Oggi non è l’inizio della vita che si impone alle nostre attenzioni, ma la sua fine
Nelle nostre preoccupazioni di questi giorni, di queste settimane e di questi mesi, non è l’inizio della vita che si impone alle nostre attenzioni, la ma sua fine. Nei giornali, nei telegiornali, nel mare di internet dominano notizie di guerre, di scontri, di incidenti. Perfino nel discorso Urbi et Orbi di papa Francesco è la guerra che la fa da padrona. Anzi, quel discorso si è impegnato a ricordare non soltanto la “solita” guerra in Ucraina, ma le molte altre guerre, ancora più dimenticate proprio per l’invadenza della guerra “insensata” (così l’ha definita papa Francesco) a casa nostra, in Europa.

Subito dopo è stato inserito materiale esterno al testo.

(* Let $T$ be a tree of order $n$, and let $d_i$ denote the number of dominating sets of $T$ of size $i$. Then $$d_{\left\lceil\frac{n+2\Gamma(T)-2}{3}\right\rceil}\ge\cdots\ge d_{n-1}\ge d_n.$$
   Context: A dominating set of a graph $G=(V,E)$ is a set $S\subseteq V$ such that every vertex is in $S$ or adjacent to a vertex of $S$; it is minimal if no proper subset is dominating. $\Gamma(T)$ is the maximum size of a minimal dominating set of $T$. *)

From mathcomp Require Import all_boot.
Set Implicit Arguments. Unset Strict Implicit. Unset Printing Implicit Defensive.

Definition simple_graph (T : finType) (e : rel T) : Prop :=
  symmetric e /\ irreflexive e.

Definition edges (T : finType) (e : rel T) : {set {set T}} :=
  [set [set x; y] | x in T, y in T & e x y].

Definition is_tree (T : finType) (e : rel T) : Prop :=
  [/\ simple_graph e, 0 < #|T|,
      (forall x y : T, connect e x y) & #|edges e| = #|T| - 1].

Definition dominating (T : finType) (e : rel T) (S : {set T}) : bool :=
  [forall v : T, (v \in S) || [exists u in S, e u v]].

Definition minimal_dominating (T : finType) (e : rel T) (S : {set T}) : bool :=
  dominating e S && [forall S' : {set T}, (S' \proper S) ==> ~~ dominating e S'].

Definition upper_domination (T : finType) (e : rel T) : nat :=
  \max_(S : {set T} | minimal_dominating e S) #|S|.

Definition num_dom (T : finType) (e : rel T) (i : nat) : nat :=
  #|[set S : {set T} | dominating e S & #|S| == i]|.

Definition ceil_div (a b : nat) : nat := (a + b.-1) %/ b.

(* Call a vertex v of a dominating set S removable if S :\ v still dominates.
   Deleting a removable vertex maps the pairs (S, v) with #|S| = i.+1
   injectively to pairs (S', v) with #|S'| = i and v \notin S', so
   (n - i) d_(i+1) <= sum_S #|removable S| <= (n - i) d_i as soon as every
   such S has at least n - i removable vertices.
   A non-removable vertex of S either has a neighbour in the set P of vertices
   outside S dominated exactly once, or is isolated in S :|: P; call the
   latter vertices Z.  A tree is bipartite, so Z together with the larger
   colour class of (S :|: P) :\: Z is an independent set of size at least
   (#|S| + #|P| + #|Z|) / 2, and a maximum independent set is a minimal
   dominating set, so this is at most Gamma.  Hence
   #|S| + #|S :\: removable S| <= 2 Gamma, which yields n - i removable
   vertices once 3 i >= n + 2 Gamma - 2. *)

From mathcomp Require Import all_boot.
From mathcomp Require Import zify.
Set Implicit Arguments. Unset Strict Implicit. Unset Printing Implicit Defensive.

Section BreadthFirst.
Variables (T : finType) (e : rel T) (r : T).
Hypothesis r_connect : forall v, connect e r v.

Fixpoint ball (k : nat) : {set T} :=
  if k is k'.+1 then ball k' :|: [set v | [exists u in ball k', e u v]] else [set r].

Lemma ballS k v : (v \in ball k.+1) = (v \in ball k) || [exists u in ball k, e u v].
Proof. by rewrite /= !inE. Qed.

Lemma ball_path x p k :
  x \in ball k -> path e x p -> last x p \in ball (k + size p).
Proof.
elim: p x k => [|y p IHp] x k /=; first by rewrite addn0.
move=> xk /andP[exy yp]; rewrite addnS -addSn; apply: IHp yp.
by rewrite ballS; apply/orP; right; apply/exists_inP; exists x.
Qed.

Lemma ball_exhaustive v : exists k, v \in ball k.
Proof.
case/connectP: (r_connect v) => p rp ->; exists (0 + size p).
by apply: ball_path rp; rewrite inE.
Qed.

Definition depth v := ex_minn (ball_exhaustive v).

Lemma depth_ball v : v \in ball (depth v).
Proof. by rewrite /depth; case: ex_minnP. Qed.

Lemma depth_min v k : v \in ball k -> depth v <= k.
Proof. by rewrite /depth; case: ex_minnP => m _ minm /minm. Qed.

Lemma depth_edge u v : e u v -> depth v <= (depth u).+1.
Proof.
by move=> euv; apply: depth_min; rewrite ballS; apply/orP; right;
  apply/exists_inP; exists u; rewrite ?depth_ball.
Qed.

Lemma depth_eq0 v : (depth v == 0) = (v == r).
Proof.
apply/eqP/eqP => [d0 | ->]; first by have := depth_ball v; rewrite d0 inE => /eqP.
by apply/eqP; rewrite -leqn0 depth_min // inE.
Qed.

Lemma exists_parent v :
  v != r -> exists u, e u v && (depth u == (depth v).-1).
Proof.
rewrite -depth_eq0 => dv0; have := depth_ball v.
case E: (depth v) dv0 => [//|k] _.
rewrite ballS => /orP[/depth_min | /exists_inP[u uk euv]]; first by rewrite E ltnn.
by exists u; rewrite euv eqn_leq depth_min //= -ltnS -E depth_edge.
Qed.

Definition parent v := odflt r [pick u | e u v && (depth u == (depth v).-1)].

Lemma parentP v : v != r -> e (parent v) v /\ (depth (parent v)).+1 = depth v.
Proof.
move=> vr; rewrite /parent; case: pickP => [u /andP[euv /eqP ->] | none].
  by split=> //; rewrite prednK // lt0n depth_eq0.
by case: (exists_parent vr) => u; rewrite none.
Qed.

Definition parent_edges := [set [set v; parent v] | v in [set~ r]].

Lemma parent_edges_sub : parent_edges \subset edges e.
Proof.
apply/subsetP => _ /imsetP[v + ->]; rewrite in_setC1 => /parentP[epv _].
by apply/imset2P; exists (parent v) v; rewrite ?inE // setUC.
Qed.

Lemma card_parent_edges : #|parent_edges| = #|T|.-1.
Proof.
rewrite card_in_imset ?cardsC1 // => x y; rewrite !in_setC1.
move=> /parentP[_ dx] /parentP[_ dy] fxy.
have : x \in [set y; parent y] by rewrite -fxy set21.
have : y \in [set x; parent x] by rewrite fxy set21.
rewrite !inE => /orP[/eqP // | /eqP ypx] /orP[/eqP // | /eqP xpy].
by move: dx dy; rewrite -ypx -xpy; lia.
Qed.

Lemma parent_edges_depth u v :
  depth u = depth v -> [set u; v] \notin parent_edges.
Proof.
move=> duv; have depth_uv x : x \in [set u; v] -> depth x = depth u.
  by rewrite !inE => /orP[] /eqP ->.
apply/imsetP => [[w]]; rewrite in_setC1 => /parentP[_ dw] uvw.
by move: dw; rewrite (depth_uv w) ?(depth_uv (parent w)) ?uvw ?set21 ?set22; lia.
Qed.

(* The parent edges already account for #|T| - 1 edges, so an edge between
   vertices of equal depth would be one too many. *)
Lemma depth_edge_neq u v :
  #|edges e| = #|T| - 1 -> e u v -> depth u != depth v.
Proof.
move=> card_e euv; apply/eqP => duv.
have uv_edge : [set u; v] \in edges e by apply/imset2P; exists u v; rewrite ?inE.
have : [set u; v] |: parent_edges \subset edges e.
  by rewrite subUset sub1set uv_edge parent_edges_sub.
have T_gt0 : 0 < #|T| by apply/card_gt0P; exists r.
by move/subset_leq_card; rewrite cardsU1 parent_edges_depth // card_parent_edges card_e; lia.
Qed.

End BreadthFirst.

Lemma connected_two_coloring (T : finType) (e : rel T) :
  symmetric e -> (forall x y, connect e x y) -> 0 < #|T| ->
  #|edges e| = #|T| - 1 -> exists c : T -> bool, {homo c : u v / e u v >-> u != v}.
Proof.
move=> esym conn /card_gt0P[r _] card_e; exists (odd \o depth (conn r)) => u v euv /=.
have := depth_edge (conn r) euv; rewrite esym in euv; have := depth_edge (conn r) euv.
have := depth_edge_neq (conn r) card_e euv.
move: (depth _ u) (depth _ v) => du dv dvu_neq du_le dv_le.
have [->|->] : dv = du.+1 \/ du = dv.+1 by lia.
  by rewrite /=; case: (odd du).
by rewrite /=; case: (odd dv).
Qed.

Section Domination.
Variables (T : finType) (e : rel T).

Definition indep (I : {set T}) := [forall u in I, forall v in I, ~~ e u v].

Lemma indep_dominating_minimal I : indep I -> dominating e I -> minimal_dominating e I.
Proof.
move=> /forall_inP indI domI; rewrite /minimal_dominating domI /=.
apply/forallP => S'; apply/implyP => /properP[/subsetP S'I [x xI xS']].
apply/forallP => /(_ x); rewrite (negbTE xS') /= => /exists_inP[u uS' eux].
by move: (indI u (S'I u uS')) => /forall_inP/(_ x xI); rewrite eux.
Qed.

Hypotheses (esym : symmetric e) (eirr : irreflexive e).

Lemma maximal_indep_dominating M :
  indep M -> (forall v, v \notin M -> ~~ indep (v |: M)) -> dominating e M.
Proof.
move=> /forall_inP indM maxM; apply/forallP => v; apply/orP.
case: (boolP (v \in M)) => [|vM]; [by left | right].
apply: contraR (maxM v vM) => /exists_inPn noN; apply/forall_inP => x.
move=> /setU1P[-> | xM]; apply/forall_inP => y /setU1P[-> | yM].
- by rewrite eirr.
- by rewrite esym noN.
- by rewrite noN.
- by move: (indM x xM) => /forall_inP->.
Qed.

Lemma indep_le_upper_domination I : indep I -> #|I| <= upper_domination e.
Proof.
move=> indI; have [M indM maxM] := arg_maxnP (fun M : {set T} => #|M|) indI.
apply: leq_trans (maxM I indI) (leq_bigmax_cond _ _).
apply: indep_dominating_minimal => //; apply: maximal_indep_dominating => // v vM.
by apply/negP => /maxM; rewrite cardsU1 vM; lia.
Qed.

Lemma indepU A B : indep A -> indep B ->
  (forall a b, a \in A -> b \in B -> ~~ e a b) -> indep (A :|: B).
Proof.
move=> /forall_inP indA /forall_inP indB AB; apply/forall_inP => x.
move=> /setUP[xA | xB]; apply/forall_inP => y /setUP[yA | yB].
- by move/forall_inP: (indA x xA); apply.
- exact: AB.
- by rewrite esym AB.
- by move/forall_inP: (indB x xB); apply.
Qed.

Definition removable (S : {set T}) := [set v in S | dominating e (S :\ v)].

Definition once_dominated (S : {set T}) :=
  [set w | (w \notin S) && (#|[set u in S | e u w]| == 1)].

Definition with_private_nbr (S : {set T}) :=
  [set v in S | [exists w in once_dominated S, e v w]].

Definition isolated_part (S : {set T}) :=
  [set v in S | [forall q in S :|: once_dominated S, ~~ e v q]].

Lemma nonremovable_sub S : dominating e S ->
  S :\: removable S \subset isolated_part S :|: with_private_nbr S.
Proof.
move=> domS; apply/subsetP => v /setDP[vS]; rewrite inE vS /= => /forallPn[x].
rewrite negb_or => /andP[xSv /exists_inPn x_undom].
rewrite in_setU; case: (boolP [exists w in once_dominated S, e v w]) => [hv | no_priv].
  by rewrite orbC inE vS hv.
have S_nbr_x u : u \in S -> e u x -> u = v.
  by move=> uS; apply: contraTeq => uv; apply: x_undom; rewrite !inE uv.
have x_v : x = v.
  apply: contraNeq no_priv => xv.
  have xS : x \notin S by move: xSv; rewrite !inE xv.
  have := forallP domS x; rewrite (negbTE xS) => /exists_inP[u uS eux].
  have evx : e v x by rewrite -(S_nbr_x u).
  apply/exists_inP; exists x => //; rewrite inE xS; apply/cards1P; exists v.
  by apply/setP => y; rewrite !inE; apply/andP/eqP => [[] | ->]; [exact: S_nbr_x | rewrite vS].
apply/orP; left; rewrite inE vS; apply/forall_inP => q /setUP[qS | qP]; last first.
  by apply: (exists_inPn no_priv).
have [-> | qv] := eqVneq q v; first by rewrite eirr.
by rewrite esym -x_v; apply: x_undom; rewrite !inE qv.
Qed.

Lemma card_with_private_nbr S : #|with_private_nbr S| <= #|once_dominated S|.
Proof.
pose nbr w := odflt w [pick u in S | e u w].
have nbrE w u : w \in once_dominated S -> u \in S -> e u w -> nbr w = u.
  rewrite inE => /andP[_ /cards1P[z Nw]] uS euw.
  have Nw_z y : (y \in S) && e y w = (y == z) by rewrite -in_set1 -Nw inE.
  have /eqP-> : u == z by rewrite -Nw_z uS euw.
  by rewrite /nbr; case: pickP => [y | /(_ z)]; rewrite Nw_z ?eqxx // => /eqP.
apply: leq_trans (leq_imset_card nbr _); apply: subset_leq_card.
apply/subsetP => v; rewrite inE => /andP[vS /exists_inP[w wP evw]].
by apply/imsetP; exists w; rewrite // (nbrE w v).
Qed.

Section TwoColoring.
Variable c : T -> bool.
Hypothesis c_proper : {homo c : u v / e u v >-> u != v}.

Lemma indep_color_class (X : {set T}) b : indep [set x in X | c x == b].
Proof.
apply/forall_inP => x; rewrite inE => /andP[_ /eqP cx]; apply/forall_inP => y.
by rewrite inE => /andP[_ /eqP cy]; apply/negP => /c_proper; rewrite cx cy eqxx.
Qed.

Lemma exists_indep_half (X : {set T}) :
  exists I : {set T}, [/\ I \subset X, indep I & #|X| <= 2 * #|I|].
Proof.
pose class b := [set x in X | c x == b].
have cardX : #|class true| + #|class false| = #|X|.
  rewrite -(cardsID [set x | c x] X) /class.
  by apply: f_equal2; apply: eq_card => x; rewrite !inE ?eqb_id ?eqbF_neg // andbC.
have class_sub b : class b \subset X by apply/subsetP => x; rewrite inE => /andP[].
have [le_ft | lt_tf] := leqP #|class false| #|class true|.
  by exists (class true); split; rewrite ?indep_color_class //; lia.
by exists (class false); split; rewrite ?indep_color_class //; lia.
Qed.

Lemma exists_indep_isolated (Q Z : {set T}) : Z \subset Q ->
  (forall z q, z \in Z -> q \in Q -> ~~ e z q) ->
  exists2 I : {set T}, indep I & #|Q| + #|Z| <= 2 * #|I|.
Proof.
move=> ZQ Z_iso; have [J [JQZ indJ cardJ]] := exists_indep_half (Q :\: Z).
have JQ : J \subset Q := subset_trans JQZ (subsetDl Q Z).
have indZ : indep Z.
  by apply/forall_inP => z zZ; apply/forall_inP => y /(subsetP ZQ); apply: Z_iso.
have /eqP cardZJ : #|Z :|: J| == #|Z| + #|J|.
  rewrite (leq_card_setU Z J).2 disjoint_sym disjoints_subset.
  by rewrite (subset_trans JQZ) // setDE subsetIr.
exists (Z :|: J); first by apply: indepU => // z j zZ /(subsetP JQ); apply: Z_iso.
by move: cardJ (subset_leq_card ZQ); rewrite cardZJ cardsDS //; lia.
Qed.

Lemma dominating_nonremovable_bound S : dominating e S ->
  #|S| + #|S :\: removable S| <= 2 * upper_domination e.
Proof.
move=> domS; set P := once_dominated S; set Z := isolated_part S.
have /eqP cardSP : #|S :|: P| == #|S| + #|P|.
  rewrite (leq_card_setU S P).2 disjoints_subset.
  by apply/subsetP => w wS; rewrite !inE wS.
have ZSP : Z \subset S :|: P.
  by apply/subsetP => v; rewrite !inE => /andP[->].
have Z_iso z q : z \in Z -> q \in S :|: P -> ~~ e z q.
  by rewrite inE => /andP[_ /forall_inP]; apply.
have [I /indep_le_upper_domination leI cardI] := exists_indep_isolated ZSP Z_iso.
have nonremovable_le : #|S :\: removable S| <= #|Z| + #|P|.
  apply: leq_trans (subset_leq_card (nonremovable_sub domS)) _.
  by apply: leq_trans (leq_card_setU _ _).1 _; rewrite leq_add2l card_with_private_nbr.
by rewrite cardSP in cardI; lia.
Qed.

End TwoColoring.

End Domination.

Lemma sum_card_swap (I J : finType) (A : {set I}) (F : I -> {set J}) :
  \sum_(x in A) #|F x| = \sum_y #|[set x in A | y \in F x]|.
Proof.
transitivity (\sum_(x in A) \sum_y (y \in F x : nat)).
  by apply: eq_bigr => x _; rewrite -sum1_card big_mkcond.
rewrite exchange_big; apply: eq_bigr => y _.
rewrite -sum1_card big_mkcond [RHS]big_mkcond /=; apply: eq_bigr => x _.
by rewrite inE; case: (x \in A); case: (y \in F x).
Qed.

Definition dom_sets (T : finType) (e : rel T) (k : nat) :=
  [set S : {set T} | dominating e S & #|S| == k].

Lemma num_domE (T : finType) (e : rel T) k : num_dom e k = #|dom_sets e k|.
Proof. by []. Qed.

Lemma sum_removable_le (T : finType) (e : rel T) k :
  \sum_(S in dom_sets e k.+1) #|removable e S| <= num_dom e k * (#|T| - k).
Proof.
have -> : num_dom e k * (#|T| - k) = \sum_(S in dom_sets e k) #|~: S|.
  rewrite num_domE -sum_nat_const; apply: eq_bigr => S; rewrite inE => /andP[_ /eqP <-].
  by rewrite [RHS]cardsCs setCK.
rewrite !sum_card_swap; apply: leq_sum => v _.
rewrite -(@card_in_imset _ _ (fun S => S :\ v)); last first.
  move=> S1 S2; rewrite !inE => /and3P[_ v1 _] /and3P[_ v2 _] eqS.
  by rewrite -(setD1K v1) eqS setD1K.
apply/subset_leq_card/subsetP => _ /imsetP[S + ->].
rewrite !inE => /andP[/andP[_ /eqP cardS] /andP[vS domSv]].
have := cardsD1 v S; rewrite vS cardS add1n => -[->].
by rewrite domSv !eqxx.
Qed.

Lemma ceil_div_leq a b i : 0 < b -> (ceil_div a b <= i) = (a <= b * i).
Proof. by move=> b_gt0; rewrite /ceil_div -ltnS ltn_divLR //; lia. Qed.

Theorem theorem4p11 (T : finType) (e : rel T) :
  is_tree e ->
  forall i : nat,
    ceil_div (#|T| + 2 * upper_domination e - 2) 3 <= i -> i < #|T| ->
    num_dom e i.+1 <= num_dom e i.
Proof.
case=> [[esym eirr] T_gt0 conn card_e] i; rewrite ceil_div_leq // => lo_i lt_iT.
have [c c_proper] := connected_two_coloring esym conn T_gt0 card_e.
rewrite -(@leq_pmul2r (#|T| - i)) ?subn_gt0 //.
apply: leq_trans (sum_removable_le e i).
rewrite num_domE -sum_nat_const; apply: leq_sum => S; rewrite inE => /andP[domS /eqP cardS].
have := dominating_nonremovable_bound esym eirr c_proper domS.
have : removable e S \subset S by apply/subsetP => v; rewrite inE => /andP[].
by move=> /cardsDS ->; rewrite cardS; lia.
Qed.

Dunque: in questi giorni è la fine della vita che fa notizia, non il suo inizio.
Da lì derivano in folla tutte altre forme di invadenza: oggi parliamo soprattutto del passato, da cui quella guerra proviene (stavo dicendo: da cui quella guerra è nata. Avrei usato l’immaginario della nascita per dire che è arrivata la morte). E parliamo di un passato duro da ricordare, senza la nostalgia che è il belletto che lo rende attraente. Il nostro passato è soltanto brutto: ci ha portato la guerra. Inoltre e di conseguenza, parliamo pochissimo del futuro. Sia perché siamo troppo occupati a parlare del passato, sia perché il futuro, con questo passato che ci preme addosso, non riusciamo a immaginarlo consolante. Possiamo sognarlo, il futuro bello, soltanto sognarlo.
Raramente ci è toccato di trascorrere un Natale così forzatamente bello e così forzatamente fantastico
E così siamo costretti al nostro presente. Dove si sta nella festa accettandola come fugace e, insieme, fantastica. Possiamo far festa solo per poco tempo e soltanto sognarla. Raramente ci è toccato di trascorrere un Natale così forzatamente bello e così forzatamente fantastico.
L’unica cosa da dire di fronte alla gioia fuggevole e al sogno di questa strano Natale, è che il Bambino di Betlemme nasce sempre e quel Bambino è proprio un bambino ed è proprio deposto in una mangiatoia. E’ la stabile verità del Natale. Ma è verità ed è stabile soltanto per chi la accoglie, la sa vedere e sa meravigliarsi.
Ecco: lo spazio della meraviglia si sta assottigliando. I pochi credenti che ci credono davvero si sentono impegnati, nei limiti delle loro forze, a non lasciarlo morire.